1 DECIDE RELATE INFER VISUALISE EVALUATE

2 Before a journey begins, we mentally map out our route. Before we tackle any reading we imagine where it will take us. This is helpful because it tells us what we expect from the text, or helps us to realise what we want from it. By looking at our predictions and expectations now, we can EVALUATE our reading in meaningful ways at a later stage.

3 Why am I reading this? What can I do to make the reading more purposeful? What reading strategies might be most useful here? What predictions can I make about the text? Why am I making those particular predictions? How will this end?

4 We bring all our previous learning and experience with us to our reading. Consequently, we relate on a personal level to texts and texts relate to each other. As we look at the text, it may sit in a landscape that is familiar to us with recognisable landmarks and signs that will be useful. The emerging reader may find they’re in unrecognisable territory because the subject matter, the style or the form are impossible to relate to.
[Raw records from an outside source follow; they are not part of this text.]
Lemma Pr_E4_le n (u : vert n) : (0 < n)%N ->
  Pr (E4 u) <= Rsum (wss_apex u) (inv_dist2 u) / inv_dist2_sum u.
Proof.
move=> n_gt0; rewrite -Rsum_pchoose => [|a /and3P [] //].
rewrite -(@Rsum_prod_marginal _ _ (@pchoose n)) => [|v _]; last exact: pchoose_sum1.
apply: Rsum_subset => [f|f _]; last exact: weight_ge0.
case/existsP=> a /existsP [b /and5P [ua _ _ /andP [/andP [_ d2] /eqP fua] /andP [ab bu]]].
by rewrite /wss_apex fua ua d2; apply/existsP; exists b; apply/andP.
Qed.

End ApexProbability.

Lemma card_lt_injU1 (T T' : finType) (A : pred T) (x : T) (f : T -> T') :
  x \notin A -> {in [predU1 x & A] &, injective f} -> (#|A| < #|T'|)%N.
Proof. by move=> xA /leq_card_in; rewrite cardU1 xA. Qed.

Section ApexCount.
Local Open Scope ring_scope.
Variables (n : nat) (u : vert n).

Lemma apex_near a :
  (a == u) || wss_apex u a -> forall i, (absz (coord a i - coord u i) <= 2)%N.
Proof.
case/orP => [/eqP -> i | /and3P [_ _ /existsP [b /andP [/adjP [_ ab] /adjP [_ bu]]]] i].
  by rewrite subrr.
by move: (ab i) (bu i); lia.
Qed.

Variables (p q h : 'I_3).
Hypotheses (pq : p != q) (ph : p != h) (qh : q != h).
Hypothesis h_ge3 : (3 <= absz (coord u h))%N.

(* injective on [-2, 2] *)
Definition offset5 (z : int) : 'I_5 := Ordinal (ltn_pmod (absz (z + 2)) (isT : (0 < 5)%N)).

Definition apex_key (a : vert n) : 'I_5 * 'I_5 :=
  (offset5 (coord a p - coord u p), offset5 (coord a q - coord u q)).
(* Let $\epsilon\in(0,1]$ and $p \in (0,1)$ be constants and let $\xi>0$ be an arbitrary constant. Consider $\mathrm{USD}_p$ started from a configuration $\mathbf{x}(0)=(x_1(0),x_2(0),u(0))$ with $x_1(0)\in[\epsilon n, x_2(0)]$, $u(0)\le n/2$, and $|\Delta_w(0)| < \xi\sqrt{n\log n}$. Let $T_w := \inf\{t \geq 0 : |\Delta_w(t)| \geq \xi\sqrt{n\log n}\}$. Then with high probability $T_w = O(n\log^2 n)$.
   Context: Population protocol with $n$ agents, each in a state from $\{1,2,\bot\}$ (Opinion 1, Opinion 2, undecided). At each time step a scheduler picks an ordered pair $(i,j)$ of agents uniformly at random, independently of the past; only the initiator $i$ changes state. In $\mathrm{USD}_p$: if the initiator is $2$ and the responder $1$, the initiator becomes $\bot$; if the initiator is $1$ and the responder $2$, the initiator becomes $\bot$ with probability $1-p$ and otherwise stays $1$; if the initiator is $\bot$, it adopts the responder's state; otherwise nothing changes. $x_1(t),x_2(t),u(t)$ are the numbers of agents in states $1,2,\bot$ after $t$ interactions. The weighted bias is $\Delta_w(t) := x_1(t) - (1-p)x_2(t)$. ''With high probability'' means with probability at least $1-n^{-c}$ for a constant $c>0$. *)

From Stdlib Require Import Reals Lra Lia List Arith.
Open Scope R_scope.

Inductive opinion := One | Two | Und.

Definition opinion_eqb (a b : opinion) : bool :=
  match a, b with
  | One, One | Two, Two | Und, Und => true
  | _, _ => false
  end.

(** A configuration of n agents: agent k (for k < n) has state sigma k. *)
Definition config := nat -> opinion.

Definition count (n : nat) (s : config) (o : opinion) : nat :=
  length (filter (fun k => opinion_eqb (s k) o) (seq 0 n)).

Definition x1 n s := INR (count n s One).
Definition x2 n s := INR (count n s Two).
Definition uu n s := INR (count n s Und).

Definition Delta_w (n : nat) (p : R) (s : config) : R := x1 n s - (1 - p) * x2 n s.

Definition update (s : config) (i : nat) (o : opinion) : config :=
  fun k => if Nat.eqb k i then o else s k.

(** Expected value of h after the interaction with initiator i, responder j. *)
Definition interact_value (p : R) (h : config -> R) (s : config) (i j : nat) : R :=
  match s i, s j with
  | Two, One => h (update s i Und)
  | One, Two => p * h s + (1 - p) * h (update s i Und)
  | Und, o => h (update s i o)
  | _, _ => h s
  end.

Definition sumR (l : list nat) (f : nat -> R) : R :=
  fold_right Rplus 0 (map f l).

Definition step_expect (n : nat) (p : R) (h : config -> R) (s : config) : R :=
  / (INR n * INR (n - 1)) *
  sumR (seq 0 n) (fun i =>
    sumR (filter (fun j => negb (Nat.eqb j i)) (seq 0 n))
         (fun j => interact_value p h s i j)).

(** hit_prob n p thr t s = Pr[ T <= t ] where T = inf {t >= 0 : |Delta_w(t)| >= thr}
    for USD_p started from configuration s (probability of the Markov chain
    hitting the target set within t interactions, defined by first-step analysis). *)
Fixpoint hit_prob (n : nat) (p thr : R) (t : nat) (s : config) : R :=
  if Rle_dec thr (Rabs (Delta_w n p s)) then 1
  else match t with
       | O => 0
       | S t' => step_expect n p (hit_prob n p thr t') s
       end.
Pupils should therefore be encouraged to actively seek the connections that will aid understanding and make the textual landscape more familiar. It’s useful to make links to prior reading and learning and to aspects of their own lives or the media as they find connections that help them to understand and explore unfamiliar reading material.

5 Have I come across this kind of text before? What should I expect from a piece of writing like this? Have I seen these ideas anywhere else? Does this connect to my prior learning from this or any other subject? How do I feel about this? Why? Do I agree with this? Why/why not? Will this change the way I feel or what I think about this?

6 Decoding surface meaning is obviously essential to our basic comprehension of texts. Frequently, however, it is necessary to dig beneath the surface and discover the less obvious meanings being implied by the writer. Inference requires higher order thinking and leads to interpretation and the possibility that there may be multiple meanings to sift through and analyse. This can often be the most rewarding type of reading as the reader claims ownership over the meaning they have inferred for themselves.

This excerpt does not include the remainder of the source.